* _EXERCISE DETAILS_: Please copy, exactly as they appear below, the lines from the one containing "Local Open Scope classical_set_scope." through the one containing "Definition is_maximal_simplex n".

* _WORKING DATA_:
(* Let $I, J$ be completely regular Hausdorff spaces, $X, Y$ Hausdorff locally convex topological vector spaces over $\mathbb{C}$, with $X\otimes Y$ given a locally convex Hausdorff topology for which $(x,y)\mapsto x\otimes y$ is continuous. Let $V$, $W$, $U$ be Nachbin families on $I$, $J$, $I \times J$ respectively. Suppose (i) for all $(t, s) \in I \times J$, $\overline{CV_0(I, X)(t) \otimes CW_0(J, Y)(s)} = \overline{CU_{0}(I \times J, X \otimes Y)(t, s)}$, and (ii) $CV_{0}(I, X) \otimes CW_{0}(J, Y) \subset CU_{0}(I \times J, X \otimes Y)$. Then $CU_{0}(I \times J, X \otimes Y)$ is the closure of $CV_{0}(I, X) \otimes CW_{0}(J, Y)$ in the topology of $CU_{0}(I \times J, X \otimes Y)$.
   Context: A Nachbin family on $\Omega$ is a set $V$ of upper semicontinuous functions $\Omega\to\mathbb{R}_+$ such that for $v_1,v_2\in V$ there are $\lambda\ge0$, $w\in V$ with $v_1,v_2\le\lambda w$, and for each $x$ some $v\in V$ has $v(x)>0$. For a locally convex space $Z$ with seminorms $\mathfrak{A}$, $g:\Omega\to Z$ vanishes at infinity if for each $p\in\mathfrak{A}$, $\epsilon>0$ the closure of $\{x:p(g(x))\ge\epsilon\}$ is compact; $CV_0(\Omega,Z)=\{f\in C(\Omega,Z):vf\text{ vanishes at infinity }\forall v\in V\}$, topologized by seminorms $f\mapsto\sup_x v(x)p(f(x))$. For a set $\mathcal{W}$ of functions, $\mathcal{W}(s)=\{f(s):f\in\mathcal{W}\}$. For $f:I\to X$, $g:J\to Y$, $(f\otimes g)(t,s)=f(t)\otimes g(s)$, and $\mathcal{W}\otimes\mathcal{V}=\mathrm{span}\{f\otimes g\}$; for subsets $X_1\subset X$, $Y_1\subset Y$, $X_1\otimes Y_1=\mathrm{span}\{x\otimes y:x\in X_1,y\in Y_1\}$. *)

From HB Require Import structures.
From mathcomp Require Import all_boot all_order all_algebra.
From mathcomp Require Import all_classical all_reals all_analysis.
From mathcomp Require Export complex.
Export Order.TTheory GRing.Theory Num.Theory.

Set Implicit Arguments.
Unset Strict Implicit.
Unset Printing Implicit Defensive.

Local Open Scope classical_set_scope.
Local Open Scope ring_scope.

Definition is_seminorm (R : realType) (X : lmodType R[i]) (p : X -> R) : Prop :=
  (forall x y, p (x + y) <= p x + p y) /\
  (forall (a : R[i]) x, p (a *: x) = ComplexField.Normc.normc a * p x).

(* A locally convex topology on X, given by a family of seminorms (p i)_i *)
Definition lc_family (R : realType) (X : lmodType R[i]) (idx : Type)
  (p : idx -> X -> R) : Prop := forall i, is_seminorm (p i).

Definition lc_hausdorff (R : realType) (X : lmodType R[i]) (idx : Type)
  (p : idx -> X -> R) : Prop := forall x, (forall i, p i x = 0) -> x = 0.
(* Let $n\ge 5$ and let $\sigma$ be a maximal simplex of $\Delta_n$ that covers all places. Then $N(v)\cap\sigma\neq\emptyset$ for every $v\in\sigma$.
   Context: $\mathbb{I}_n$ is the $n$-dimensional hypercube graph on vertex set $\{0,1\}^n$ (adjacent iff differing in exactly one coordinate), with Hamming distance $d(v,w)=\#\{i: v(i)\ne w(i)\}$, $v(i)$ the $i$-th coordinate. $\Delta_n=\mathcal{VR}(\mathbb{I}_n;3)$ is the simplicial complex whose simplices are the subsets $\sigma\subseteq\{0,1\}^n$ with $d(x,y)\le 3$ for all $x,y\in\sigma$. A simplex $\sigma$ covers all places if for each $i\in[n]=\{1,\dots,n\}$ there are $v,w\in\sigma$ with $v(i)=1$ and $w(i)=0$. $N(v)=\{v^i: i\in[n]\}$, where $v^i$ is $v$ with coordinate $i$ changed. *)

From mathcomp Require Import all_boot.
Set Implicit Arguments. Unset Strict Implicit. Unset Printing Implicit Defensive.

(* Vertices of the n-cube I_n: functions [n] -> {0,1}, coordinates indexed by 'I_n
   (index i : 'I_n stands for place i+1). *)
Definition cube (n : nat) := {ffun 'I_n -> bool}.

Definition hdist n (v w : cube n) : nat := #|[set i : 'I_n | v i != w i]|.

(* simplices of Delta_n = VR(I_n; 3) : sets of vertices with pairwise distance <= 3 *)
Definition is_simplex n (s : {set cube n}) : Prop :=
  forall x y, x \in s -> y \in s -> hdist x y <= 3.

Definition is_maximal_simplex n (s : {set cube n}) : Prop :=
  is_simplex s /\ (forall t : {set cube n}, is_simplex t -> s \subset t -> t = s).

Definition covers_all_places n (s : {set cube n}) : Prop :=
  forall i : 'I_n, exists v, exists w, [/\ v \in s, w \in s, v i = true & w i = false].

Definition flip n (v : cube n) (i : 'I_n) : cube n :=
  [ffun j => if j == i then ~~ v j else v j].

Definition nbhd n (v : cube n) : {set cube n} := [set flip v i | i : 'I_n].

From mathcomp Require Import all_boot.
From mathcomp Require Import zify.
Set Implicit Arguments. Unset Strict Implicit. Unset Printing Implicit Defensive.

(* Suppose no neighbour of v lies in sigma, and record each w in sigma by the
   set D(w) of places where it differs from v.  Maximality makes every place
   avoided by some D(w) of size 3, and the diameter bound makes any D(w) lose at
   most one place against such a triple.  These two properties squeeze all the
   triples into a set of at most 4 places; for a place z outside it, a D(w)
   containing z also contains a second place t (else w = v^z), and a triple
   avoiding t then misses both z and t. *)

Section TripleFamily.

Variables (T : finType) (F : {set {set T}}).
Hypothesis card_F : forall A, A \in F -> #|A| = 3.
Hypothesis cardD_F : forall A B, A \in F -> B \in F -> #|A :\: B| <= 1.
Hypothesis avoid_F : forall x, exists2 A, A \in F & x \notin A.

Lemma setD1_subset_of_cardD_le1 (A B : {set T}) x :
  #|A :\: B| <= 1 -> x \in A -> x \notin B -> A :\ x \subset B.
Proof.
move=> /card_le1_eqP AB1 xA xB; apply/subsetP => y; rewrite !inE => /andP[yx yA].
apply: contraTT yx => yB; rewrite negbK; apply/eqP; apply: (AB1 x y);
  by rewrite inE ?yA ?xA ?yB ?xB.
Qed.

Lemma triple_family_sub A B x :
  A \in F -> B \in F -> x \in A -> x \notin B -> forall C, C \in F -> C \subset A :|: B.
Proof.
move=> AF BF xA xB C CF; apply/subsetP => c cC; apply: contraT => cAB.
have [cA cB] : c \notin A /\ c \notin B by move: cAB; rewrite inE negb_or => /andP[].
have [a aC] : exists a, a \in C :\ c.
  by apply/set0Pn; rewrite -card_gt0 -(ltn_add2l (c \in C)) -cardsD1 card_F // cC.
have [aA aB] : a \in A /\ a \in B.
  by split; apply: subsetP aC; apply: setD1_subset_of_cardD_le1 => //; apply: cardD_F.
have [D DF aD] := avoid_F a.
have subD X : X \in F -> a \in X -> X :\ a \subset D.
  by move=> XF aX; apply: setD1_subset_of_cardD_le1 => //; apply: cardD_F.
have ABC_sub : (A :|: B :|: C) :\ a \subset D.
  rewrite !setDUl !subUset !subD //; by move: aC; rewrite inE => /andP[].
have card_AB : 3 < #|A :|: B|.
  by rewrite -(card_F BF) proper_card // properUr //; apply/subsetPn; exists x.
have card_ABC : #|A :|: B| < #|A :|: B :|: C|.
  by rewrite proper_card // properUl //; apply/subsetPn; exists c.
have := subset_leq_card ABC_sub; rewrite (card_F DF) => card_sub.
move: card_ABC; rewrite (cardsD1 a (A :|: B :|: C)) in_setU in_setU aA /= add1n ltnS.
by move/leq_trans/(_ card_sub); rewrite leqNgt card_AB.
Qed.

Lemma cardU_triple_family A B : A \in F -> B \in F -> #|A :|: B| <= 4.
Proof.
move=> AF BF; have := cardsUI A B; have := cardsID A B; have := cardD_F BF AF.
rewrite [B :&: A]setIC (card_F AF) (card_F BF); lia.
Qed.

End TripleFamily.

Definition diffset n (v w : cube n) := [set i : 'I_n | v i != w i].

Lemma hdist_sym n (x y : cube n) : hdist x y = hdist y x.
Proof. by apply: eq_card => i; rewrite !inE eq_sym. Qed.

Lemma hdistxx n (x : cube n) : hdist x x = 0.
Proof. by apply: eq_card0 => i; rewrite !inE eqxx. Qed.

Lemma diffset_flip n (v w : cube n) (i : 'I_n) :
  diffset (flip v i) w =
    if i \in diffset v w then diffset v w :\ i else i |: diffset v w.
Proof.
apply/setP => j; case: ifP => iD; rewrite !inE ffunE;
  case: (eqVneq j i) => [->|] //=; by move: iD; rewrite inE; case: (v i) (w i) => [] [].
Qed.

Lemma flip_diffset n (v w : cube n) (i : 'I_n) : diffset v w = [set i] -> w = flip v i.
Proof.
move=> /setP Dvw; apply/ffunP => j; rewrite ffunE; have := Dvw j; rewrite !inE.
by case: (eqVneq j i) => [->|_]; case: (v _) (w _) => [] [].
Qed.

Lemma hdist_diffsetI n (v w1 w2 : cube n) :
  hdist w1 w2 + 2 * #|diffset v w1 :&: diffset v w2| = hdist v w1 + hdist v w2.
Proof.
set D1 := diffset v w1; set D2 := diffset v w2.
have -> : hdist w1 w2 = #|(D1 :|: D2) :\: (D1 :&: D2)|.
  by apply: eq_card => i; rewrite !inE; case: (v i) (w1 i) (w2 i) => [] [] [].
have sIU : D1 :&: D2 \subset D1 :|: D2 by apply/subsetP => i; rewrite !inE => /andP[->].
by rewrite cardsDS // -cardsUI mul2n -addnn addnA subnK ?subset_leq_card.
Qed.

Lemma card_diffsetD_le1 n (v w1 w2 : cube n) :
  hdist w1 w2 <= 3 -> hdist v w1 <= 3 -> hdist v w2 = 3 ->
  #|diffset v w1 :\: diffset v w2| <= 1.
Proof.
move=> h12 h1 h2; have := hdist_diffsetI v w1 w2; rewrite cardsD.
have : #|diffset v w1 :&: diffset v w2| <= hdist v w1.
  by apply: subset_leq_card; apply: subsetIl.
rewrite -/(hdist v w1); lia.
Qed.

Lemma maximal_simplex_far n (s : {set cube n}) x :
  is_maximal_simplex s -> x \notin s -> exists2 w, w \in s & 3 < hdist x w.
Proof.
move=> [simp maxs] xs.
have [/exists_inP //|/exists_inPn far] := boolP [exists w in s, 3 < hdist x w].
have far' w : w \in s -> hdist x w <= 3 by move=> /far; rewrite -leqNgt.
have simp_x : is_simplex (x |: s).
  move=> a b; rewrite !inE => /orP[/eqP->|aS] /orP[/eqP->|bS].
  - by rewrite hdistxx.
  - exact: far'.
  - by rewrite hdist_sym; apply: far'.
  - exact: simp.
by move: xs; rewrite -(maxs _ simp_x (subsetUr _ _)) setU11.
Qed.

Lemma flip_far_triple n (s : {set cube n}) (v : cube n) (i : 'I_n) :
  is_maximal_simplex s -> v \in s -> flip v i \notin s ->
  exists2 w, w \in s & hdist v w = 3 /\ i \notin diffset v w.
Proof.
move=> maxs vs fs; have [w ws] := maximal_simplex_far maxs fs.
have vw : #|diffset v w| <= 3 := maxs.1 v w vs ws.
change (3 < #|diffset (flip v i) w| ->
        exists2 w, w \in s & hdist v w = 3 /\ i \notin diffset v w).
rewrite diffset_flip; case: ifPn => iD far.
  by move: far vw; rewrite (cardsD1 i (diffset v w)) iD /=; lia.
exists w => //; split => //; apply/eqP; rewrite eqn_leq vw.
by move: far; rewrite cardsU1 iD add1n ltnS.
Qed.

Lemma covers_diffset n (s : {set cube n}) (v : cube n) (i : 'I_n) :
  covers_all_places s -> exists2 w, w \in s & i \in diffset v w.
Proof.
move=> /(_ i) [a [b [aS bS ai bi]]].
by case vi : (v i); [exists b | exists a]; rewrite // inE vi ?ai ?bi.
Qed.

Lemma diffset_second n (v w : cube n) (i : 'I_n) :
  i \in diffset v w -> w != flip v i -> exists2 j, j != i & j \in diffset v w.
Proof.
move=> iD /eqP wf.
pose other := [exists j, (j != i) && (j \in diffset v w)].
have [/existsP[j /andP[ji jD]]|/existsPn noj] := boolP other; first by exists j.
exfalso; apply/wf/flip_diffset/setP => j; rewrite in_set1.
by case: eqVneq => [->//|ji]; apply/negbTE; have := noj j; rewrite ji.
Qed.

Section NoNeighbour.

Variables (n : nat) (s : {set cube n}) (v : cube n).
Hypotheses (maxs : is_maximal_simplex s) (vs : v \in s).
Hypothesis flip_notin : forall i, flip v i \notin s.

Definition triples := [set diffset v w | w in s & hdist v w == 3].

Lemma card_triples A : A \in triples -> #|A| = 3.
Proof. by move=> /imsetP[w]; rewrite inE => /andP[_ /eqP] ? ->. Qed.

Lemma card_diffsetD_triples w A : w \in s -> A \in triples -> #|diffset v w :\: A| <= 1.
Proof.
move=> ws /imsetP[b]; rewrite inE => /andP[bs /eqP b3] ->.
by apply: card_diffsetD_le1; rewrite ?b3 //; apply: maxs.1.
Qed.

Lemma cardD_triples A B : A \in triples -> B \in triples -> #|A :\: B| <= 1.
Proof. by move=> /imsetP[w]; rewrite inE => /andP[ws _] ->; apply: card_diffsetD_triples. Qed.

Lemma avoid_triples i : exists2 A, A \in triples & i \notin A.
Proof.
have [w ws [w3 iw]] := flip_far_triple maxs vs (flip_notin i).
by exists (diffset v w) => //; apply: imset_f; rewrite inE ws w3.
Qed.

End NoNeighbour.

Theorem mainTheorem6 (n : nat) (s : {set cube n}) :
  5 <= n -> is_maximal_simplex s -> covers_all_places s ->
  forall v, v \in s -> nbhd v :&: s != set0.
Proof.
move=> n5 maxs cov v vs; apply: contraT; rewrite negbK => /eqP nbhd0.
have flip_notin i : flip v i \notin s.
  apply/negP => fs; have : flip v i \in nbhd v :&: s by rewrite inE fs andbT imset_f.
  by rewrite nbhd0 inE.
have card_F := @card_triples n s v.
have cardD_F := cardD_triples maxs vs.
have avoid_F := avoid_triples maxs vs flip_notin.
have [A AF _] := avoid_F (Ordinal (leq_trans (isT : 0 < 5) n5)).
have [a aA] : exists a, a \in A by apply/set0Pn; rewrite -card_gt0 card_F.
have [B BF aB] := avoid_F a.
have [z] : exists z, z \in ~: (A :|: B).
  apply/set0Pn; rewrite -card_gt0; have := cardsC (A :|: B).
  have := cardU_triple_family card_F cardD_F AF BF; rewrite card_ord; lia.
rewrite inE => zAB; have [w ws zw] := covers_diffset v z cov.
have [t tz tw] := diffset_second zw (memPn (flip_notin z) w ws).
have [G GF tG] := avoid_F t.
have zG : z \notin G.
  have GAB := triple_family_sub card_F cardD_F avoid_F AF BF aA aB GF.
  by apply: contra zAB; apply: (subsetP GAB).
have /card_le1_eqP/(_ z t) := card_diffsetD_triples maxs vs ws GF.
by rewrite !in_setD zG tG zw tw => /(_ isT isT) tz_eq; rewrite tz_eq eqxx in tz.
Qed.
Lemma leq_degsum (n : degk k) i : (n i <= degsum n)%N.
Proof. by rewrite /degsum (bigD1 i) //= leq_addr. Qed.

End Degrees.

Section Factorisation.
Variables (k : nat) (L : kgraph k).
Notation P := (kpath L).

Lemma comp_factor_uniq (a b a' b' : P) :
  src a = rng b -> src a' = rng b' -> dg a = dg a' ->
  comp a b = comp a' b' -> a = a' /\ b = b'.
Proof.
move=> h h' hd E.
have hdb : dg b = dg b' by apply: (@degaddI _ (dg a)); rewrite -dg_comp // E dg_comp // hd.
have [? [? [_ U]]] := unique_factorisation (dg_comp h).
have [-> ->] := U a b h erefl erefl erefl.
by have [-> ->] := U a' b' h' (esym hd) (esym hdb) E.
Qed.

Lemma compI (a b b' : P) : src a = rng b -> src a = rng b' ->
  comp a b = comp a b' -> b = b'.
Proof. by move=> h h' /(comp_factor_uniq h h' erefl) []. Qed.

Lemma dg_eq0_idp (l : P) : dg l = deg0 k -> l = idp (rng l).
Proof.
move=> hl; have := @comp_factor_uniq (idp (rng l)) l l (idp (src l)).
rewrite src_idp rng_idp comp_idl comp_idr dg_idp hl.
by case/(_ erefl erefl erefl erefl) => ->.
Qed.

Lemma enumerates_map_comp (a : P) n e : enumerates (src a) n e ->
  uniq (map (comp a) e) /\ {in map (comp a) e, forall l, dg l = degadd (dg a) n}.
Proof.
move=> [ue he]; split.
  rewrite map_inj_in_uniq // => x y /he [hx _] /he [hy _].
  by apply: compI; rewrite ?hx ?hy.
by move=> _ /mapP [t /he [ht dt] ->]; rewrite dg_comp // dt.
Qed.

(* The factorisation of [l] with a head of degree [m]; junk unless [m <= dg l]. *)
Definition factor (l : P) (m : degk k) : P * P :=
  epsilon (inhabits (l, l))
    (fun ab => [/\ src ab.1 = rng ab.2, dg ab.1 = m & l = comp ab.1 ab.2]).

Lemma factorP (l : P) m n : dg l = degadd m n ->
  [/\ src (factor l m).1 = rng (factor l m).2, dg (factor l m).1 = m,
      l = comp (factor l m).1 (factor l m).2 & dg (factor l m).2 = n].
Proof.
move=> hl; have [a [b [[hab ha _ El] _]]] := unique_factorisation hl.
have := @epsilon_spec _ (inhabits (l, l))
  (fun ab => [/\ src ab.1 = rng ab.2, dg ab.1 = m & l = comp ab.1 ab.2]).
rewrite -/(factor l m); case=> [|h1 h2 h3]; first by exists (a, b).
split=> //; apply: (@degaddI _ m).
by rewrite -{1}h2 -dg_comp // -h3.
Qed.

Lemma factor_comp (a b : P) m : src a = rng b -> dg a = m ->
  factor (comp a b) m = (a, b).
Proof.
move=> h ha; have hd : dg (comp a b) = degadd m (dg b) by rewrite dg_comp // ha.
have [h1 h2 h3 _] := factorP hd.
have [E1 E2] := comp_factor_uniq h1 h (etrans h2 (esym ha)) (esym h3).
by move: E1 E2; case: factor => ? ? /= -> ->.
Qed.

End Factorisation.

Lemma kgraph0_idp (L : kgraph 0) (l : kpath L) : l = idp (src l).
Proof.
have hl : dg l = deg0 0 by apply/ffunP => -[].
by rewrite {2}(dg_eq0_idp hl) src_idp -dg_eq0_idp.
Qed.

Section InfinitePaths.
Variables (k : nat) (L : kgraph k).
Notation P := (kpath L).

(* An infinite path x (a degree-preserving functor from Omega_k to L) is
   encoded by its initial segments [seg x n] = x(0, n). *)
Record ipath := IPath {
  seg : degk k -> P;
  dg_seg : forall n, dg (seg n) = n;
  seg_ext : forall m n, exists t,
    src (seg m) = rng t /\ seg (degadd m n) = comp (seg m) t }.

Lemma ipath_eq (x y : ipath) : seg x =1 seg y -> x = y.
Proof.
case: x y => [f df ef] [g dg' eg] /= /boolp.funext E; subst g.
by congr IPath; apply: boolp.Prop_irrelevance.
Qed.

Definition irng (x : ipath) : kvert L := rng (seg x (deg0 k)).

Lemma rng_seg x n : rng (seg x n) = irng x.
Proof.
have [t [h E]] := seg_ext x (deg0 k) n.
by move: E; rewrite add0deg => ->; rewrite rng_comp.
Qed.

Lemma seg0 x : seg x (deg0 k) = idp (irng x).
Proof. by rewrite (dg_eq0_idp (dg_seg x _)) rng_seg. Qed.

Definition shift_seg m (x : ipath) n : P := (factor (seg x (degadd m n)) m).2.

Lemma shift_seg_eq x m n t : src (seg x m) = rng t ->
  seg x (degadd m n) = comp (seg x m) t -> shift_seg m x n = t.
Proof. by move=> h E; rewrite /shift_seg E factor_comp // dg_seg. Qed.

* _SOLUTION FOR THIS TASK_:
Local Open Scope classical_set_scope.
Local Open Scope ring_scope.

Definition is_seminorm (R : realType) (X : lmodType R[i]) (p : X -> R) : Prop :=
  (forall x y, p (x + y) <= p x + p y) /\
  (forall (a : R[i]) x, p (a *: x) = ComplexField.Normc.normc a * p x).

(* A locally convex topology on X, given by a family of seminorms (p i)_i *)
Definition lc_family (R : realType) (X : lmodType R[i]) (idx : Type)
  (p : idx -> X -> R) : Prop := forall i, is_seminorm (p i).

Definition lc_hausdorff (R : realType) (X : lmodType R[i]) (idx : Type)
  (p : idx -> X -> R) : Prop := forall x, (forall i, p i x = 0) -> x = 0.
(* Let $n\ge 5$ and let $\sigma$ be a maximal simplex of $\Delta_n$ that covers all places. Then $N(v)\cap\sigma\neq\emptyset$ for every $v\in\sigma$.
   Context: $\mathbb{I}_n$ is the $n$-dimensional hypercube graph on vertex set $\{0,1\}^n$ (adjacent iff differing in exactly one coordinate), with Hamming distance $d(v,w)=\#\{i: v(i)\ne w(i)\}$, $v(i)$ the $i$-th coordinate. $\Delta_n=\mathcal{VR}(\mathbb{I}_n;3)$ is the simplicial complex whose simplices are the subsets $\sigma\subseteq\{0,1\}^n$ with $d(x,y)\le 3$ for all $x,y\in\sigma$. A simplex $\sigma$ covers all places if for each $i\in[n]=\{1,\dots,n\}$ there are $v,w\in\sigma$ with $v(i)=1$ and $w(i)=0$. $N(v)=\{v^i: i\in[n]\}$, where $v^i$ is $v$ with coordinate $i$ changed. *)

From mathcomp Require Import all_boot.
Set Implicit Arguments. Unset Strict Implicit. Unset Printing Implicit Defensive.

(* Vertices of the n-cube I_n: functions [n] -> {0,1}, coordinates indexed by 'I_n
   (index i : 'I_n stands for place i+1). *)
Definition cube (n : nat) := {ffun 'I_n -> bool}.

Definition hdist n (v w : cube n) : nat := #|[set i : 'I_n | v i != w i]|.

(* simplices of Delta_n = VR(I_n; 3) : sets of vertices with pairwise distance <= 3 *)
Definition is_simplex n (s : {set cube n}) : Prop :=
  forall x y, x \in s -> y \in s -> hdist x y <= 3.

Definition is_maximal_simplex n (s : {set cube n}) : Prop :=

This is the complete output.